Work required ▸
Reproduce word for word the lines between those holding "move=> ha hm hsum i." and "have : (a i - m) * (a i - m)^* = 0.", inclusive, and nothing else from the data below.

═══ Records for the task ═══

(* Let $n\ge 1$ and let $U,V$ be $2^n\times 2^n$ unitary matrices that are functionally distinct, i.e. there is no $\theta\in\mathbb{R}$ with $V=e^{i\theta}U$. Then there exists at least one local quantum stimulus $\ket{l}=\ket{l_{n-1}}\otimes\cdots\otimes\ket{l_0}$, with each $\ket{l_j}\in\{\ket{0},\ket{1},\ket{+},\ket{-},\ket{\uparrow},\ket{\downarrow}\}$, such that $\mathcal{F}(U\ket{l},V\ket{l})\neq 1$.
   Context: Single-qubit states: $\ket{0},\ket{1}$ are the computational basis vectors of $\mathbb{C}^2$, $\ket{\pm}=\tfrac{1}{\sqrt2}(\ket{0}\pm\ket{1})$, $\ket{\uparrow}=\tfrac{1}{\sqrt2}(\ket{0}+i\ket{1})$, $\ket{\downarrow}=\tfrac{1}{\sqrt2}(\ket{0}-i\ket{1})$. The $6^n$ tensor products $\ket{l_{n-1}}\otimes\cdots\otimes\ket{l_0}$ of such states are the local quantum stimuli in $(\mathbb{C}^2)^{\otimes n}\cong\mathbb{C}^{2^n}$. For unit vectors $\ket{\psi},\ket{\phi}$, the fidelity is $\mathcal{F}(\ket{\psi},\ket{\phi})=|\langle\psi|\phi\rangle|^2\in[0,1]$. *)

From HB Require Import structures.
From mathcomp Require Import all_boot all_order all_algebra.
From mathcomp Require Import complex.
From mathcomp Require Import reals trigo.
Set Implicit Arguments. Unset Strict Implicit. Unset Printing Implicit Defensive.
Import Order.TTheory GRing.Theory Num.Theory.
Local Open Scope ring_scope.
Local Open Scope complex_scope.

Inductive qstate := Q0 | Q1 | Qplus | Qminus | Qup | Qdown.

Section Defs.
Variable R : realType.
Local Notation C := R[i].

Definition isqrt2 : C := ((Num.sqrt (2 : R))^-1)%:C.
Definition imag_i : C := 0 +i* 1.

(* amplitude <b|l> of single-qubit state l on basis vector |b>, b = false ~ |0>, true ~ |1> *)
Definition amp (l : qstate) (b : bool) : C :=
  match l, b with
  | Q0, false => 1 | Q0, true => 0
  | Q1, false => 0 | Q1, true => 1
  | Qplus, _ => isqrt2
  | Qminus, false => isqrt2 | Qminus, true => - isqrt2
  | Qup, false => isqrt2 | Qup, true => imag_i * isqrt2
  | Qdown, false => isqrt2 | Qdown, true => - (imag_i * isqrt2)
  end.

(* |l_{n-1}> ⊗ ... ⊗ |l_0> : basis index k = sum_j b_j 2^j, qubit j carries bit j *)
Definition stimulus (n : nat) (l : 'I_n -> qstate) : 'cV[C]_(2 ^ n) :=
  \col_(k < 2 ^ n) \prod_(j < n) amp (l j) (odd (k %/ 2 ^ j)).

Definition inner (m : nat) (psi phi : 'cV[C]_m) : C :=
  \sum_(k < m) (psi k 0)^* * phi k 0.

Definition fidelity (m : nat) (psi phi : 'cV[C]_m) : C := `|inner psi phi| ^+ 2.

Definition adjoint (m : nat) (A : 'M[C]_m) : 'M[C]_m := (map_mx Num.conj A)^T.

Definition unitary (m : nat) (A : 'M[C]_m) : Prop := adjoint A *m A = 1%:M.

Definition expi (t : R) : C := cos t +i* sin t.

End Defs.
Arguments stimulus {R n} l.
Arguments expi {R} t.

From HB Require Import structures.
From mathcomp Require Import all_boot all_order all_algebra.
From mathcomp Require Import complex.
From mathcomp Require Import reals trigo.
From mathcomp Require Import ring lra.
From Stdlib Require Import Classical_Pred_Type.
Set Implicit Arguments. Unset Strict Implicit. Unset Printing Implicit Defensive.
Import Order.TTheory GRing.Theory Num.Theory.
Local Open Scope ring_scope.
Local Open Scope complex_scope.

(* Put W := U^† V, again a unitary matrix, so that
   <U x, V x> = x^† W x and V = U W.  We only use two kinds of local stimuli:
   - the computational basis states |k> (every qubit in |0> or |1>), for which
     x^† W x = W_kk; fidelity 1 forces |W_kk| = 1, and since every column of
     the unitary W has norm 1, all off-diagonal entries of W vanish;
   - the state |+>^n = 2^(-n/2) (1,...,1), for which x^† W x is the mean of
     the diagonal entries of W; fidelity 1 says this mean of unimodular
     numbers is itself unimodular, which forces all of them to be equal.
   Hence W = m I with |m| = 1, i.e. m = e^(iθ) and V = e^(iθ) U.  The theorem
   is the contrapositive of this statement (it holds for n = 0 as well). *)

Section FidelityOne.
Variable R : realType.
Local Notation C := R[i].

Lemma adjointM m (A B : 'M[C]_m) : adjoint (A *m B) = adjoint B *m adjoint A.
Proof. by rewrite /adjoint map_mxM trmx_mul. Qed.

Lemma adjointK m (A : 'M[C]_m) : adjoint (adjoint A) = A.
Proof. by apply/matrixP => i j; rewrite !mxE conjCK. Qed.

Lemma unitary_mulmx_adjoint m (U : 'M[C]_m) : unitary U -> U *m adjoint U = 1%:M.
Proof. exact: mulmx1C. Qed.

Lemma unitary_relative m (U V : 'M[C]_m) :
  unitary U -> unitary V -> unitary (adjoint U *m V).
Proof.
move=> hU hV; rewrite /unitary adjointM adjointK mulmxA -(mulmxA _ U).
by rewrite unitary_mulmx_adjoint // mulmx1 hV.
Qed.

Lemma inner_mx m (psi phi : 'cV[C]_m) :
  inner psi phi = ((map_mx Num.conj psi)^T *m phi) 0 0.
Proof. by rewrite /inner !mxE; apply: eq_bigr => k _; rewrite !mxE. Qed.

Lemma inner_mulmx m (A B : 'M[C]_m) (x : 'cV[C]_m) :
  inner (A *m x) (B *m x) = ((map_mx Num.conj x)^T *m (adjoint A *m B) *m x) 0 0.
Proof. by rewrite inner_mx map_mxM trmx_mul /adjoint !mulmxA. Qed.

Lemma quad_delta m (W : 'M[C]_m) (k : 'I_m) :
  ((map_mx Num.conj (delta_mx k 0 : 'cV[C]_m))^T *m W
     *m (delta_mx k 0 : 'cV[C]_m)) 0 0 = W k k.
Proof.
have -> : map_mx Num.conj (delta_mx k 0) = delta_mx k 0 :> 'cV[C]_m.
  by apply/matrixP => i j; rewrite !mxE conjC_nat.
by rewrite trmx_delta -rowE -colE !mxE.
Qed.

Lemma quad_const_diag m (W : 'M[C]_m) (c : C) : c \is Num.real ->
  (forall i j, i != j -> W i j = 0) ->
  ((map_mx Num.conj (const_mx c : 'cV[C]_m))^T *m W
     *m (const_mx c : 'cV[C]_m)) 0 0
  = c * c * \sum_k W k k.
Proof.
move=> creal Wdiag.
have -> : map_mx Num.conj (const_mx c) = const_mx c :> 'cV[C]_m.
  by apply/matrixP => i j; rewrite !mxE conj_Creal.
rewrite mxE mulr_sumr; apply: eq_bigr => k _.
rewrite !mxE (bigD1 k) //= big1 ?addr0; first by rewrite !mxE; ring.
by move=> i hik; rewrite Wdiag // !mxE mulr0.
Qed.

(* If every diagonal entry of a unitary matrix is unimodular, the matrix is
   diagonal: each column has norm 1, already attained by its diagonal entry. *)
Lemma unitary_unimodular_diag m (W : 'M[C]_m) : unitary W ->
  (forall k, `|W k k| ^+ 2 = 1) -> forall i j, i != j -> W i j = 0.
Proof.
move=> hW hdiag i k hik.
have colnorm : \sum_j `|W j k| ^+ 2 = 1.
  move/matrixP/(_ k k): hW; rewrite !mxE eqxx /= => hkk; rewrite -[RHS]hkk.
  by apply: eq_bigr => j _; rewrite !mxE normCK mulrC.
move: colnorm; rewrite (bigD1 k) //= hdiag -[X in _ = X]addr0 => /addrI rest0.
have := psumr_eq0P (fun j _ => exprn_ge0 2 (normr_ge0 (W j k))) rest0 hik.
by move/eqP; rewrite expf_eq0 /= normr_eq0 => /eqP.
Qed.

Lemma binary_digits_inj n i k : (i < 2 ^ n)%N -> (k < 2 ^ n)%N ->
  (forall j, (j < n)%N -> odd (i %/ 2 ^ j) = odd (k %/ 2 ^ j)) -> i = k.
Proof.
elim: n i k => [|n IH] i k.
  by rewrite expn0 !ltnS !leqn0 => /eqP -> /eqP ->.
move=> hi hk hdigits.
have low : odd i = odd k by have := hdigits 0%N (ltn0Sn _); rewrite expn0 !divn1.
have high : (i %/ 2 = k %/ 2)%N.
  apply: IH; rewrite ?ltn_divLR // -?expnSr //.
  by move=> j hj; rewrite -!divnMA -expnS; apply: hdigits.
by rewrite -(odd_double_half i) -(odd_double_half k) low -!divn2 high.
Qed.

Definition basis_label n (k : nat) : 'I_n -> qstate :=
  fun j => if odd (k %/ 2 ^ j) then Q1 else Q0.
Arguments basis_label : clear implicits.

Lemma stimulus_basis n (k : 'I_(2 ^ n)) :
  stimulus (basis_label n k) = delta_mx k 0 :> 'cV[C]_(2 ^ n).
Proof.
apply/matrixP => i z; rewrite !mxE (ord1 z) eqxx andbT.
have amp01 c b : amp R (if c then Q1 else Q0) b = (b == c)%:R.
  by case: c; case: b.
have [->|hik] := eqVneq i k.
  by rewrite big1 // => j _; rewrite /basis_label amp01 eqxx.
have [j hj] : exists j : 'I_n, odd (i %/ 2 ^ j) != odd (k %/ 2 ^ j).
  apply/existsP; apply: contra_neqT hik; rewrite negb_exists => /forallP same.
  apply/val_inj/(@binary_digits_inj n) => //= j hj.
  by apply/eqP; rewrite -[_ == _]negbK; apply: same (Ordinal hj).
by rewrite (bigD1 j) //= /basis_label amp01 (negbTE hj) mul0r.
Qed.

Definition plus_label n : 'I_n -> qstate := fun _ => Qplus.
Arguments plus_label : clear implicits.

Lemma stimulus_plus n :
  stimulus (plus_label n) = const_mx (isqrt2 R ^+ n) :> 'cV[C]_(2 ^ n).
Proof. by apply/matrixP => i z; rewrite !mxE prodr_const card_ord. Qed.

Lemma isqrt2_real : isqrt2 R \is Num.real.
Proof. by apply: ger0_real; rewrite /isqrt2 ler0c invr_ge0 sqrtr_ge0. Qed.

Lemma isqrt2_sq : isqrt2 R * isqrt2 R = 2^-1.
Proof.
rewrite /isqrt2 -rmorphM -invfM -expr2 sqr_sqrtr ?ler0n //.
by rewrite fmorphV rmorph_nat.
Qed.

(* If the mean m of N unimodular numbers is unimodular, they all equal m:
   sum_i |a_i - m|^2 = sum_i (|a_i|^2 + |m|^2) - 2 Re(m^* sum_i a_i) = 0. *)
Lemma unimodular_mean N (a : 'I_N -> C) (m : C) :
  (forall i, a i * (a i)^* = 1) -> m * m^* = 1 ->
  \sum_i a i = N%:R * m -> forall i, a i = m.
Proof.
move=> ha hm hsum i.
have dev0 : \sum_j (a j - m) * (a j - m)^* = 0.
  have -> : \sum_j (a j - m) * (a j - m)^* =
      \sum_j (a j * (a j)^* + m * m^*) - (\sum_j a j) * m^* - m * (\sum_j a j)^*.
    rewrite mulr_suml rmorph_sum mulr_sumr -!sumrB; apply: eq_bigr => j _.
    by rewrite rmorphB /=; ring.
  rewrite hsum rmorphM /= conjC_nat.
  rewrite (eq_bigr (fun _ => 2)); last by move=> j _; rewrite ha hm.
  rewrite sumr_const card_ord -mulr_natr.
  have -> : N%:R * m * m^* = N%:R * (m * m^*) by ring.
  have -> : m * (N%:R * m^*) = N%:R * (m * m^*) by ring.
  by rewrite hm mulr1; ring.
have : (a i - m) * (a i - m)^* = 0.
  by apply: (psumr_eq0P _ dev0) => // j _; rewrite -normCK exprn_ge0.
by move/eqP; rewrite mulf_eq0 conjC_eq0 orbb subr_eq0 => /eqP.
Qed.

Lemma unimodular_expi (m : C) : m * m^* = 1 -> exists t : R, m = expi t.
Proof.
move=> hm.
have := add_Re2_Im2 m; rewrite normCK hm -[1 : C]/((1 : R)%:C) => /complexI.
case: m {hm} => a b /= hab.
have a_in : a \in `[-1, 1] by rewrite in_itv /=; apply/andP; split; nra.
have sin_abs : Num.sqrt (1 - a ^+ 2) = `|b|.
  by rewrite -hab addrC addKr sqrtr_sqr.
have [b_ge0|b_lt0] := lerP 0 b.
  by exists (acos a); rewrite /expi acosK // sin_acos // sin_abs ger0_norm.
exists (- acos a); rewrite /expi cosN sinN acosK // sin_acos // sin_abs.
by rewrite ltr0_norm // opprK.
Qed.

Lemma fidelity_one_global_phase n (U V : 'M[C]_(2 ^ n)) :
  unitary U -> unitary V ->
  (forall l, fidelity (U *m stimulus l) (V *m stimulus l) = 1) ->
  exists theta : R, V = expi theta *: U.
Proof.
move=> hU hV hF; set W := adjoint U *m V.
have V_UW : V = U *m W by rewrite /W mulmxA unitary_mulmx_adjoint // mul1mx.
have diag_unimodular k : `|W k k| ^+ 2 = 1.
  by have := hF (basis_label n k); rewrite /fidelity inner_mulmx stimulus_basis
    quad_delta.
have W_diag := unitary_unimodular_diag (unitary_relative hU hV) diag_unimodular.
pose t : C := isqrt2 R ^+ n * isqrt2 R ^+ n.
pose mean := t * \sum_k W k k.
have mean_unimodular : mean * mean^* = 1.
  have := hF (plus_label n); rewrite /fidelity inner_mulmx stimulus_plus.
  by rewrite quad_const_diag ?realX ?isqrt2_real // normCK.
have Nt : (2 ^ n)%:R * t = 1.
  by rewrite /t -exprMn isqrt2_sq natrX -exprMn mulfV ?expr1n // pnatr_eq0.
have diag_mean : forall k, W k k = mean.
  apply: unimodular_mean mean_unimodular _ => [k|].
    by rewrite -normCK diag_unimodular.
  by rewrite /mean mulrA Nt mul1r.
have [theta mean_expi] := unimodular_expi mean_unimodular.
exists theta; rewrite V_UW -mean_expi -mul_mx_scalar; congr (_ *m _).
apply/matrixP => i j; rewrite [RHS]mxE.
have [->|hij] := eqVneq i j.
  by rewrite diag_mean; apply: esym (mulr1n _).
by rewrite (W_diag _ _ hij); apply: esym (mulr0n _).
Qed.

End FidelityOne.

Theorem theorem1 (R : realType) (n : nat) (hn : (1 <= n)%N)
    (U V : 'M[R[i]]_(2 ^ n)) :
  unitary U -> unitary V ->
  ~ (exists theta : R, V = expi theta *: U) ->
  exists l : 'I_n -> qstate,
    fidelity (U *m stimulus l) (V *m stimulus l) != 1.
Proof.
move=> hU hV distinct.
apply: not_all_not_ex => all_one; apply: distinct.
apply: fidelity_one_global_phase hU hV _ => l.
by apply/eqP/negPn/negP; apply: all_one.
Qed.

═══

Finished exercise ▸
move=> ha hm hsum i.
have dev0 : \sum_j (a j - m) * (a j - m)^* = 0.
  have -> : \sum_j (a j - m) * (a j - m)^* =
      \sum_j (a j * (a j)^* + m * m^*) - (\sum_j a j) * m^* - m * (\sum_j a j)^*.
    rewrite mulr_suml rmorph_sum mulr_sumr -!sumrB; apply: eq_bigr => j _.
    by rewrite rmorphB /=; ring.
  rewrite hsum rmorphM /= conjC_nat.
  rewrite (eq_bigr (fun _ => 2)); last by move=> j _; rewrite ha hm.
  rewrite sumr_const card_ord -mulr_natr.
  have -> : N%:R * m * m^* = N%:R * (m * m^*) by ring.
  have -> : m * (N%:R * m^*) = N%:R * (m * m^*) by ring.
  by rewrite hm mulr1; ring.
have : (a i - m) * (a i - m)^* = 0.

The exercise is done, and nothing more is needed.